* _DATA FOR THIS EXERCISE_
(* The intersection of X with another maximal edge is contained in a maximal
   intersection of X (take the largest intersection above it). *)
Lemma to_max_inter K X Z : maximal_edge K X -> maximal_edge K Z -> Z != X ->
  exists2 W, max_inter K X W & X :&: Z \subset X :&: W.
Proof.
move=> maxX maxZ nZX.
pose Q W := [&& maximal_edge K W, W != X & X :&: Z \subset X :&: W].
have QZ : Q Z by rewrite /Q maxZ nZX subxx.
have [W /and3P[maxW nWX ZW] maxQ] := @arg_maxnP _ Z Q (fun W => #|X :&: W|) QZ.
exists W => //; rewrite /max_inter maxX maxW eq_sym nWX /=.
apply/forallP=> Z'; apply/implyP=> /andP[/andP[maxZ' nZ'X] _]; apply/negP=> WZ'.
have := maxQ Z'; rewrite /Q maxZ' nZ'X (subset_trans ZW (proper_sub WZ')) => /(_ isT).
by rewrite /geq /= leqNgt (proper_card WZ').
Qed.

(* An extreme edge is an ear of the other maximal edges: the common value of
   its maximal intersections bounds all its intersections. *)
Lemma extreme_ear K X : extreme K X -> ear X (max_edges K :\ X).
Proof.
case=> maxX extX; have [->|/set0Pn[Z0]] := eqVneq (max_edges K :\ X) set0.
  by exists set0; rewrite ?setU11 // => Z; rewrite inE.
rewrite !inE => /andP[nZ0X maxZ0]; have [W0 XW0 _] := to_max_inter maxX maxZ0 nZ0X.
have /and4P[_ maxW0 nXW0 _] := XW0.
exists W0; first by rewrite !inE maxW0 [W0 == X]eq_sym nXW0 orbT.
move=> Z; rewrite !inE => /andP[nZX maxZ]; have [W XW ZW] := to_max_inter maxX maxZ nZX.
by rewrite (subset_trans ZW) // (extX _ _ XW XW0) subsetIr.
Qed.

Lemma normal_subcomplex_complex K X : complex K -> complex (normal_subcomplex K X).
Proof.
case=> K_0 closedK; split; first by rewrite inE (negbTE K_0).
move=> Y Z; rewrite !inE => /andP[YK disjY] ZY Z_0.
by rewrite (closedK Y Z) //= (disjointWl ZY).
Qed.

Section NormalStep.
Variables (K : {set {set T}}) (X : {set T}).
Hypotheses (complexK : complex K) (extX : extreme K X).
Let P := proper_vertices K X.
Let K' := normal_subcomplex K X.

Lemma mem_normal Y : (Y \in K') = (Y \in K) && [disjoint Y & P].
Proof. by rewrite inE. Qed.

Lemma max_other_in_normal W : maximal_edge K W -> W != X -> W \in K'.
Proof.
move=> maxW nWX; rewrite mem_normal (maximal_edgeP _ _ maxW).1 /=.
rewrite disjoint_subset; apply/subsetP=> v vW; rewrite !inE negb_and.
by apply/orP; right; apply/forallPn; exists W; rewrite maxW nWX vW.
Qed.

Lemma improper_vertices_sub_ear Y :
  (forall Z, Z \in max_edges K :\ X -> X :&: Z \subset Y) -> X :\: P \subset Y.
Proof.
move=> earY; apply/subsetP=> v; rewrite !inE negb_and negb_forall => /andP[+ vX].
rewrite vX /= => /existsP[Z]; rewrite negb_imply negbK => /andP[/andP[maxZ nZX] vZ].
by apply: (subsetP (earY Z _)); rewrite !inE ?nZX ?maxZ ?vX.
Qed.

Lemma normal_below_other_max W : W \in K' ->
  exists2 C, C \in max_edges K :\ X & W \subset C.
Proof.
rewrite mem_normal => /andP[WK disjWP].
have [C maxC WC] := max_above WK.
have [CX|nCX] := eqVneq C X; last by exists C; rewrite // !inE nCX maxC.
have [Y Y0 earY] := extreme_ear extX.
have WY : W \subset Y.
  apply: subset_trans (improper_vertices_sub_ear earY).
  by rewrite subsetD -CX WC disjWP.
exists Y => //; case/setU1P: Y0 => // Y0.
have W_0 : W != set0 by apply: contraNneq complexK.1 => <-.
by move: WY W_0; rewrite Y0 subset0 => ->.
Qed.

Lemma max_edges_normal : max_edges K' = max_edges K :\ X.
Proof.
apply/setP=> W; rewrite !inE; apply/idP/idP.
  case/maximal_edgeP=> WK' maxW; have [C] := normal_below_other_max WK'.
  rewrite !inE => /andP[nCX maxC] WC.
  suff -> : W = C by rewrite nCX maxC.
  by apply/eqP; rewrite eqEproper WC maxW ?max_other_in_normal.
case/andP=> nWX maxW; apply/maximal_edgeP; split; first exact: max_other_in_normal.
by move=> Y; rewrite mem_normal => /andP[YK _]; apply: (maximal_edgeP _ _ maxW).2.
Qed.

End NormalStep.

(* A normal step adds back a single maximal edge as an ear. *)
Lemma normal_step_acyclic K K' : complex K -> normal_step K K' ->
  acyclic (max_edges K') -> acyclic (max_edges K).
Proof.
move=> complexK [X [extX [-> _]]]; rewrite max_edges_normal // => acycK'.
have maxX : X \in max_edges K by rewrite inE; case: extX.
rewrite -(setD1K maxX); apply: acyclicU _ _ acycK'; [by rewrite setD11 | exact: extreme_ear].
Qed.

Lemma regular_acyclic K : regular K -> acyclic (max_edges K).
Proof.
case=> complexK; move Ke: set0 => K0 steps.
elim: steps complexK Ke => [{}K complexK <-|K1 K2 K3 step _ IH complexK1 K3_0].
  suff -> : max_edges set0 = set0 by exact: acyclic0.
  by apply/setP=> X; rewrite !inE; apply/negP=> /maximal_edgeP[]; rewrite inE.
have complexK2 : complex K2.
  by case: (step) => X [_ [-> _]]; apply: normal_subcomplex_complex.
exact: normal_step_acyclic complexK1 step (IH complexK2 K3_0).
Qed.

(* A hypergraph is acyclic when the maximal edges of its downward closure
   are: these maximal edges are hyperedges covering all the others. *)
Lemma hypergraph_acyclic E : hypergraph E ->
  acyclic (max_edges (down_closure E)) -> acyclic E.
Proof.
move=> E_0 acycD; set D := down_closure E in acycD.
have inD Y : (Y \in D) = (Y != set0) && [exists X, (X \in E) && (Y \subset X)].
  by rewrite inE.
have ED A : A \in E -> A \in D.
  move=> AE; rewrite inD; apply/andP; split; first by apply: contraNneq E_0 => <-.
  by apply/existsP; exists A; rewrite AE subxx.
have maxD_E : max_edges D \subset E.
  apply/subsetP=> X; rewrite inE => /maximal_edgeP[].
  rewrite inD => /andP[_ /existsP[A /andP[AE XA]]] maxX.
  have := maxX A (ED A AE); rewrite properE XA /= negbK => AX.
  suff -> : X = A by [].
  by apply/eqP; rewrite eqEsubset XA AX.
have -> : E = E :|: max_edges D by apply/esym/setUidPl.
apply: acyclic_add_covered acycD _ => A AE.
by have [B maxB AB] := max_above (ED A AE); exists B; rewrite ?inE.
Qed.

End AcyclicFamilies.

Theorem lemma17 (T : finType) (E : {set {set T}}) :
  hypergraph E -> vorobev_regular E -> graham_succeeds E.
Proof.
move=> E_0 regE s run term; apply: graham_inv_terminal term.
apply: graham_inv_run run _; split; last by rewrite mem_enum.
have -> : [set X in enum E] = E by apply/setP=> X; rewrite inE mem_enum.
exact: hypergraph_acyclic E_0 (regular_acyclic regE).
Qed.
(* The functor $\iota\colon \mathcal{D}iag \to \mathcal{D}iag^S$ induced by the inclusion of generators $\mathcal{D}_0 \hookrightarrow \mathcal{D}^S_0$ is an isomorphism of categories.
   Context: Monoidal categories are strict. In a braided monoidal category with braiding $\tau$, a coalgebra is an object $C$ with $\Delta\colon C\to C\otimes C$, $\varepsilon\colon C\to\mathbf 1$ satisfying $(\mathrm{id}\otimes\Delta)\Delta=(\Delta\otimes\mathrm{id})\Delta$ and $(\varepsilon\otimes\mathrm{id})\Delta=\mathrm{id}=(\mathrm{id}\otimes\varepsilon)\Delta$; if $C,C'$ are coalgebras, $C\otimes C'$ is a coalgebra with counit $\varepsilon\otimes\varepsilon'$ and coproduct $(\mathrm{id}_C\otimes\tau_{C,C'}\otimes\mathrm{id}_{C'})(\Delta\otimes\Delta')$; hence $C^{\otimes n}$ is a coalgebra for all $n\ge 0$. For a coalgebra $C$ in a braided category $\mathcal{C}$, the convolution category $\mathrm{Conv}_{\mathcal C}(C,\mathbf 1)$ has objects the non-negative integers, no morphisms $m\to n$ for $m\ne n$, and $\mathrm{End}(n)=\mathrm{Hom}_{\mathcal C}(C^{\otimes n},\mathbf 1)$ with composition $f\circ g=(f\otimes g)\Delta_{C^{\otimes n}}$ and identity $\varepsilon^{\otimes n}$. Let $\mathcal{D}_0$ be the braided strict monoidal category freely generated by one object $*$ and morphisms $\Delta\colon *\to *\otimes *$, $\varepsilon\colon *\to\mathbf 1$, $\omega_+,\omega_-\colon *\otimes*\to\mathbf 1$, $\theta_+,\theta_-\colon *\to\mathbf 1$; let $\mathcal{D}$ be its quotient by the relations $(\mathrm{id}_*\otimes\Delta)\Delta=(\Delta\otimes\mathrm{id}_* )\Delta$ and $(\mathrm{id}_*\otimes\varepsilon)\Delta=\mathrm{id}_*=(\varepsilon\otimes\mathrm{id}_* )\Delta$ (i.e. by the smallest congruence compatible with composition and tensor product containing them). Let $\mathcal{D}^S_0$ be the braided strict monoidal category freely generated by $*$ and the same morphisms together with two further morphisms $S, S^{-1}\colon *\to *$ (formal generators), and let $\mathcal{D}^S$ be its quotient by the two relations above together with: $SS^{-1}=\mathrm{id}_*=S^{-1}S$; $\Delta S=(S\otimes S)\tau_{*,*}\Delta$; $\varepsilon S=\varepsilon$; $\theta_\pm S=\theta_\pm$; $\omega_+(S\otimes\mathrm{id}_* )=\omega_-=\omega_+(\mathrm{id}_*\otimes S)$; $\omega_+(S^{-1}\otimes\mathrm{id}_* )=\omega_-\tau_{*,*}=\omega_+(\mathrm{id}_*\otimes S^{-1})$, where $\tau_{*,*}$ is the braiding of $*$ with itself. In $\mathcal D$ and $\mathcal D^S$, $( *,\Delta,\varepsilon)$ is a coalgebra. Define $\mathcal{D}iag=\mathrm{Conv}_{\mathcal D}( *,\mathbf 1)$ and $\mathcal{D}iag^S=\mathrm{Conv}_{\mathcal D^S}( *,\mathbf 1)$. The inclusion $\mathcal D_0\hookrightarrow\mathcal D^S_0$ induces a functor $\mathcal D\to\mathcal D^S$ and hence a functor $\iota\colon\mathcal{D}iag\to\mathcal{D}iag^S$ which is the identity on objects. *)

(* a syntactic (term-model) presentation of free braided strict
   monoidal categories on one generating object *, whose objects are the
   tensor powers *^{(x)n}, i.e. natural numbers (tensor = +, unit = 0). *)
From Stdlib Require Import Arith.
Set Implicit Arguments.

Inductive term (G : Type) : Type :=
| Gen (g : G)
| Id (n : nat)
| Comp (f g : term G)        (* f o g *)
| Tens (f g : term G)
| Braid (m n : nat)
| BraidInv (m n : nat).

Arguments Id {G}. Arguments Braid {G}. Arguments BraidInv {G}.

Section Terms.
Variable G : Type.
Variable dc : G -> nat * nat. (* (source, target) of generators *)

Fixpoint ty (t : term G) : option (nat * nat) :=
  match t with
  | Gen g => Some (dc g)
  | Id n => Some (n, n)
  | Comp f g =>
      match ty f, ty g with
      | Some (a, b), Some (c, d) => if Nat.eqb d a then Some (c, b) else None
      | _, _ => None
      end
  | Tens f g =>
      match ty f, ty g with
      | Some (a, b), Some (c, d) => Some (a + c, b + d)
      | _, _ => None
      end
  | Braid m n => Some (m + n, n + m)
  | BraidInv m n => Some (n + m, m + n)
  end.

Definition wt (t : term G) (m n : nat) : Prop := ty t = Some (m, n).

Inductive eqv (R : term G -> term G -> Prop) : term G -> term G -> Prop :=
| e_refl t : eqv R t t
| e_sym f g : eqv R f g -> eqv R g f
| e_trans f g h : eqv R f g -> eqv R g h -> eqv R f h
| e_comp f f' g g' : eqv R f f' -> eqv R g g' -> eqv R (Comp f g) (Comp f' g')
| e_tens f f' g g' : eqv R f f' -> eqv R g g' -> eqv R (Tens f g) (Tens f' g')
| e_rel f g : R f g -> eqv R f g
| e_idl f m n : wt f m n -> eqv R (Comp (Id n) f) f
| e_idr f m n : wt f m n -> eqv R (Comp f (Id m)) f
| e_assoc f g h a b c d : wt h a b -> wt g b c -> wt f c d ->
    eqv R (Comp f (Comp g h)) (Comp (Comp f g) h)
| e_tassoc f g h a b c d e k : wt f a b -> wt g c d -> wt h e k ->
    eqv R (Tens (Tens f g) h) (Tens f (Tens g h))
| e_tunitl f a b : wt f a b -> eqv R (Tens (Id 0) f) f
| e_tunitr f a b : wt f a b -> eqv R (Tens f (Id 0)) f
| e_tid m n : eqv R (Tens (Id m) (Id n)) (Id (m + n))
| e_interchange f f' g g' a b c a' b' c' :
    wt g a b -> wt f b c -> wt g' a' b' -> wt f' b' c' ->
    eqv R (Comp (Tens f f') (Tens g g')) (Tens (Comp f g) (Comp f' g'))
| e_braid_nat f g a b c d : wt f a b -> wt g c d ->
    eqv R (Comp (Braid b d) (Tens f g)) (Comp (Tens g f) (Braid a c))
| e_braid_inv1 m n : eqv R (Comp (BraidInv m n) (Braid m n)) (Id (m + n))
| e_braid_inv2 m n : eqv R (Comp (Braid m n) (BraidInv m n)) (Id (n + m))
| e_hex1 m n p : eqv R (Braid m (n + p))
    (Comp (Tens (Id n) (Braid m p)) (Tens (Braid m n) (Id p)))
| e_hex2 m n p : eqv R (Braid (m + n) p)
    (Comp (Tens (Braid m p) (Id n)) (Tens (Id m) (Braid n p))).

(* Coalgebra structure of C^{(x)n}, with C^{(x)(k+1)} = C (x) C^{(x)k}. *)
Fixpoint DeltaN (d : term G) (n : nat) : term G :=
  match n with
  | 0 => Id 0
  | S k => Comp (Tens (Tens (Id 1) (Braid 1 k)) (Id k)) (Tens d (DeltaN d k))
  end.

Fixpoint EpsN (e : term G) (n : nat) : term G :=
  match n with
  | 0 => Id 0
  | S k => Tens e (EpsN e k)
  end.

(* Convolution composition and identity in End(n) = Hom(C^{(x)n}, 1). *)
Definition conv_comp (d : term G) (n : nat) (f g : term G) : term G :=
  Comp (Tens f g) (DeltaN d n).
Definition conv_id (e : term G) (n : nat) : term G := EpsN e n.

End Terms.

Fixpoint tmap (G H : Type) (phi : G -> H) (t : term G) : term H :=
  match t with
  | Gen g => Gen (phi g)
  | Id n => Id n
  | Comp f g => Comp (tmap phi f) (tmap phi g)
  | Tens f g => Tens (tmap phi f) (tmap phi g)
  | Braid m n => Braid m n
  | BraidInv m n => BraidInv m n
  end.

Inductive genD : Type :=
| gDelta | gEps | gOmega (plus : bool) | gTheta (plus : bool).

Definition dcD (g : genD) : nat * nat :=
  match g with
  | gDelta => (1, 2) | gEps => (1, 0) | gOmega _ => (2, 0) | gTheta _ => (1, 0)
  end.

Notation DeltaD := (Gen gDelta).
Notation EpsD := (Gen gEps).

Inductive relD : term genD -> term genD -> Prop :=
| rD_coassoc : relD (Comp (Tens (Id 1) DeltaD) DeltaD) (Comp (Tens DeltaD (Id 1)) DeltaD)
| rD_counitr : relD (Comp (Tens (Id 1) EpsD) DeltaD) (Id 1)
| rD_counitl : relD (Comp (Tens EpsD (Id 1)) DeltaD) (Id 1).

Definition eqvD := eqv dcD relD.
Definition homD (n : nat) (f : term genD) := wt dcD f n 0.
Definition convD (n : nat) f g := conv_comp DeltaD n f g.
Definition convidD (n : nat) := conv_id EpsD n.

* _TASK GOAL_
Exactly the lines running from the top of the records to the line that contains "Lemma to_max_inter K", inclusive, must be set down, and nothing more.

* _TASK RESPONSE_
(* The intersection of X with another maximal edge is contained in a maximal
   intersection of X (take the largest intersection above it). *)
Lemma to_max_inter K X Z : maximal_edge K X -> maximal_edge K Z -> Z != X ->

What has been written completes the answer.